The problem:
Lines from the one containing "by rewrite (dqd2_Ltilde_lshift_rshift" through the last one in the data below: write them out word for word, and only them.

Supplied information:
Lemma derive_vlin_eqd_lshift G1 G2 p i mu :
  (forall j, derivable (G1 j) (base p) (eqd R i mu)) ->
  (forall j g, derivable (G2 j g) (base p) (eqd R i mu)) ->
  'D_(eqd R (lshift n i) mu) (vlin G1 G2) p =
    vlin (fun j => 'D_(eqd R i mu) (G1 j)) (fun j g => 'D_(eqd R i mu) (G2 j g)) p.
Proof.
move=> d1 d2; rewrite derive_vlin_horizontal ?base_eqd_lshift // => *.
- exact: vcoord_eqd.
- exact: vdcoord_eqd_lshift.
Qed.

Lemma derive_vlin_eq_rshift G1 G2 p i :
  'D_(eq_ R k (rshift n i)) (vlin G1 G2) p = G1 i (base p).
Proof.
rewrite derive_vlin_vertical ?base_eq_rshift // [X in _ + X]big1 ?addr0 => [|j _].
  by under eq_bigr do rewrite vcoord_eq_rshift; rewrite sum_mul_eq_natr.
by apply: big1 => g _; rewrite vdcoord_eq mulr0.
Qed.

Lemma derive_vlin_eqd_rshift G1 G2 p i mu :
  'D_(eqd R (rshift n i) mu) (vlin G1 G2) p = G2 i mu (base p).
Proof.
rewrite derive_vlin_vertical ?base_eqd_rshift // big1 ?add0r => [|j _]; last first.
  by rewrite vcoord_eqd mulr0.
under eq_bigr do under eq_bigr do rewrite vdcoord_eqd_rshift.
by rewrite pair_big /= (sum_mul_eq_natr (fun x => G2 x.1 x.2 (base p))).
Qed.

End VerticallyLinear.
Arguments base {R n k}.

Section PartialsOfLtilde.
Variables (R : realType) (n k : nat) (L : Jet R k n -> R).

Lemma Ltilde_vlin : Ltilde L = vlin (dq L) (dqd L).
Proof. by apply/funext => p; rewrite vlinE. Qed.

Lemma dq_Ltilde_rshift i : dq (Ltilde L) (rshift n i) = dq L i \o base.
Proof. by apply/funext => p; rewrite Ltilde_vlin; exact: derive_vlin_eq_rshift. Qed.

Lemma dqd_Ltilde_rshift i mu : dqd (Ltilde L) (rshift n i) mu = dqd L i mu \o base.
Proof. by apply/funext => p; rewrite Ltilde_vlin; exact: derive_vlin_eqd_rshift. Qed.

Lemma dqd2_Ltilde_rshift_lshift i mu j nu p :
  dqd (dqd (Ltilde L) (rshift n i) mu) (lshift n j) nu p = dqd (dqd L i mu) j nu (base p).
Proof.
rewrite dqd_Ltilde_rshift /dqd derive_comp_linear ?base_eqd_lshift //.
exact: base_linear.
Qed.

Lemma dqd2_Ltilde_rshift_rshift i mu j nu p :
  dqd (dqd (Ltilde L) (rshift n i) mu) (rshift n j) nu p = 0.
Proof.
rewrite dqd_Ltilde_rshift /dqd derive_comp_linear ?base_eqd_rshift ?derive0 //.
exact: base_linear.
Qed.

Hypothesis hL : smooth L.

Let dL vs q e : derivable (iderive vs L) q e.
Proof. exact: diff_derivable (hL vs q). Qed.

Lemma dq_Ltilde_lshift i :
  dq (Ltilde L) (lshift n i) = vlin (fun j => dq (dq L j) i) (fun j g => dq (dqd L j g) i).
Proof.
apply/funext => p; rewrite Ltilde_vlin; apply: derive_vlin_eq_lshift => [j | j g].
- exact: (@dL [:: eq_ R k j]).
- exact: (@dL [:: eqd R j g]).
Qed.

Lemma dqd_Ltilde_lshift i mu : dqd (Ltilde L) (lshift n i) mu =
  vlin (fun j => dq (dqd L i mu) j) (fun j g => dqd (dqd L i mu) j g).
Proof.
apply/funext => p; rewrite {1}/dqd Ltilde_vlin derive_vlin_eqd_lshift => [|j|j g].
- apply: eq_vlin => [j | j g].
  + exact: smooth_derive_comm hL (eq_ R k j) (eqd R i mu).
  + exact: smooth_derive_comm hL (eqd R j g) (eqd R i mu).
- exact: (@dL [:: eq_ R k j]).
- exact: (@dL [:: eqd R j g]).
Qed.

Lemma dqd2_Ltilde_lshift_rshift i mu j nu p :
  dqd (dqd (Ltilde L) (lshift n i) mu) (rshift n j) nu p = dqd (dqd L i mu) j nu (base p).
Proof. by rewrite dqd_Ltilde_lshift; exact: derive_vlin_eqd_rshift. Qed.

End PartialsOfLtilde.

Section AlongProlongation.
Variables (R : realType) (n k : nat) (psi : 'rV[R]_k -> 'rV[R]_(n + n)).
Local Notation q := (fun y => lsubmx (psi y)).
Local Notation v := (fun y => rsubmx (psi y)).

Lemma EL_iff F i x (A : 'I_k -> 'rV[R]_k -> R) B :
  (forall mu, (fun y => dqd F i mu (j1 psi y)) = A mu) -> dq F i (j1 psi x) = B ->
  EL F psi i x <-> \sum_mu dtot (A mu) mu x - B = 0.
Proof. by move=> EA <-; rewrite /EL; under eq_bigr => mu _ do rewrite EA. Qed.

Lemma base_j1 y : base (j1 psi y) = j1 q y.
Proof.
rewrite /base /j1 /=; congr (_, _); apply/matrixP => i mu; rewrite !mxE.
by apply: (congr1 (fun f => 'D_(ek R mu) f y)); apply/funext => z; rewrite mxE.
Qed.

Lemma vdcoord_j1 j g y : vdcoord j g (j1 psi y) = 'D_(ek R g) (fun z => v z 0 j) y.
Proof.
rewrite /vdcoord !mxE; apply: (congr1 (fun f => 'D_(ek R g) f y)).
by apply/funext => z; rewrite mxE.
Qed.

Lemma vlin_j1 G1 G2 y : vlin G1 G2 (j1 psi y) =
  \sum_j G1 j (j1 q y) * v y 0 j
  + \sum_j \sum_g G2 j g (j1 q y) * 'D_(ek R g) (fun z => v z 0 j) y.
Proof.
rewrite vlinE base_j1; congr (_ + _); apply: eq_bigr => j _; apply: eq_bigr => g _.
by rewrite vdcoord_j1.
Qed.

Variable L : Jet R k n -> R.

Lemma EL_Ltilde_rshift i x : EL (Ltilde L) psi (rshift n i) x <-> EL L q i x.
Proof.
apply: EL_iff => [mu|]; last by rewrite dq_Ltilde_rshift /= base_j1.
by apply/funext => y; rewrite dqd_Ltilde_rshift /= base_j1.
Qed.

Hypothesis hL : smooth L.

Lemma EL_Ltilde_lshift i x : EL (Ltilde L) psi (lshift n i) x <-> Jacobi L q v i x.
Proof.
rewrite /Jacobi; cbv zeta; rewrite -addrA -opprD.
apply: EL_iff => [mu|]; last by rewrite (dq_Ltilde_lshift hL) vlin_j1.
by apply/funext => y; rewrite (dqd_Ltilde_lshift hL) vlin_j1.
Qed.

End AlongProlongation.

Section Regularity.
Variable R : realType.

Lemma unvec_mxvec_index m k (i : 'I_m) (mu : 'I_k) :
  unvec (mxvec_index i mu) = (i, mu).
Proof. by rewrite /unvec cast_ordK enum_rankK. Qed.

Lemma mulmx_velHessian k m (L : Jet R k m -> R) p (z : 'rV_(m * k)) j nu :
  (z *m velHessian L p) 0 (mxvec_index j nu) =
  \sum_i \sum_mu z 0 (mxvec_index i mu) * dqd (dqd L i mu) j nu p.
Proof.
rewrite mxE (reindex (uncurry (@mxvec_index m k))) /=; last exact: curry_mxvec_bij.
rewrite pair_big; apply: eq_bigr => -[i mu] _.
by rewrite mxE !unvec_mxvec_index.
Qed.

Lemma regularP k m (L : Jet R k m -> R) : regular L <->
  forall p (W : 'I_m -> 'I_k -> R),
    (forall j nu, \sum_i \sum_mu W i mu * dqd (dqd L i mu) j nu p = 0) ->
    forall i mu, W i mu = 0.
Proof.
split=> [regL p W hW i mu | kerL p].
  pose z := mxvec (\matrix_(i, mu) W i mu).
  have zW i' mu' : z 0 (mxvec_index i' mu') = W i' mu' by rewrite mxvecE mxE.
  have Hfree : row_free (velHessian L p) by rewrite row_free_unit.
  suff /eqP z0 : z == 0 by rewrite -zW z0 mxE.
  rewrite -(mulmx_free_eq0 _ Hfree); apply/eqP/rowP => b.
  case/mxvec_indexP: b => j nu; rewrite mulmx_velHessian mxE.
  by under eq_bigr do under eq_bigr do rewrite zW; exact: hW.
rewrite -row_free_unit; apply: inj_row_free => z zH.
apply/rowP => a; case/mxvec_indexP: a => i mu; rewrite mxE.
apply: (kerL p (fun i mu => z 0 (mxvec_index i mu))) => j nu.
by rewrite -mulmx_velHessian zH mxE.
Qed.

Lemma regular_Ltilde n k (L : Jet R k n -> R) :
  smooth L -> regular L -> regular (Ltilde L).
Proof.
move=> hL /regularP regL; apply/regularP => p W hW.
have Wq0 i mu : W (lshift n i) mu = 0.
  apply: (regL (base p) (fun i mu => W (lshift n i) mu)) => {i mu} j nu.
  apply: etrans (hW (rshift n j) nu); rewrite big_split_ord [X in _ = _ + X]big1 ?addr0.
    apply: eq_bigr => i _; apply: eq_bigr => mu _.
    by rewrite (dqd2_Ltilde_lshift_rshift hL).
  by move=> i _; apply: big1 => mu _; rewrite dqd2_Ltilde_rshift_rshift mulr0.
have Wv0 i mu : W (rshift n i) mu = 0.
  apply: (regL (base p) (fun i mu => W (rshift n i) mu)) => {i mu} j nu.
  apply: etrans (hW (lshift n j) nu); rewrite big_split_ord [X in _ = X + _]big1 ?add0r.
    apply: eq_bigr => i _; apply: eq_bigr => mu _.
    by rewrite dqd2_Ltilde_rshift_lshift.
  by move=> i _; apply: big1 => mu _; rewrite Wq0 mul0r.
by move=> I mu; rewrite -(splitK I); case: (fintype.split I) => i /=.
Qed.

End Regularity.

Theorem mainTheorem1 (R : realType) (n k : nat) (hk : (0 < k)%N)
  (L : Jet R k n -> R) (hL : smooth L) :
  (forall (U : set 'rV[R]_k) (psi : 'rV[R]_k -> 'rV[R]_(n + n)),
      open U -> smooth_on U psi ->
      ((forall x, U x -> forall i : 'I_n,
           EL (Ltilde L) psi (lshift n i) x /\ EL (Ltilde L) psi (rshift n i) x)
       <->
       (forall x, U x -> forall i : 'I_n,
           Jacobi L (fun y => lsubmx (psi y)) (fun y => rsubmx (psi y)) i x
           /\ EL L (fun y => lsubmx (psi y)) i x)))
  /\ (regular L -> regular (Ltilde L)).
Proof.
split; last exact: regular_Ltilde.
move=> U psi _ _.
by split=> H x Ux i; have [H1 H2] := H x Ux i;
  rewrite (EL_Ltilde_lshift psi hL) (EL_Ltilde_rshift psi L) in H1 H2 *.
Qed.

Expected output:
    by rewrite (dqd2_Ltilde_lshift_rshift hL).
  by move=> i _; apply: big1 => mu _; rewrite dqd2_Ltilde_rshift_rshift mulr0.
have Wv0 i mu : W (rshift n i) mu = 0.
  apply: (regL (base p) (fun i mu => W (rshift n i) mu)) => {i mu} j nu.
  apply: etrans (hW (lshift n j) nu); rewrite big_split_ord [X in _ = X + _]big1 ?add0r.
    apply: eq_bigr => i _; apply: eq_bigr => mu _.
    by rewrite dqd2_Ltilde_rshift_lshift.
  by move=> i _; apply: big1 => mu _; rewrite Wq0 mul0r.
by move=> I mu; rewrite -(splitK I); case: (fintype.split I) => i /=.
Qed.

End Regularity.

Theorem mainTheorem1 (R : realType) (n k : nat) (hk : (0 < k)%N)
  (L : Jet R k n -> R) (hL : smooth L) :
  (forall (U : set 'rV[R]_k) (psi : 'rV[R]_k -> 'rV[R]_(n + n)),
      open U -> smooth_on U psi ->
      ((forall x, U x -> forall i : 'I_n,
           EL (Ltilde L) psi (lshift n i) x /\ EL (Ltilde L) psi (rshift n i) x)
       <->
       (forall x, U x -> forall i : 'I_n,
           Jacobi L (fun y => lsubmx (psi y)) (fun y => rsubmx (psi y)) i x
           /\ EL L (fun y => lsubmx (psi y)) i x)))
  /\ (regular L -> regular (Ltilde L)).
Proof.
split; last exact: regular_Ltilde.
move=> U psi _ _.
by split=> H x Ux i; have [H1 H2] := H x Ux i;
  rewrite (EL_Ltilde_lshift psi hL) (EL_Ltilde_rshift psi L) in H1 H2 *.
Qed.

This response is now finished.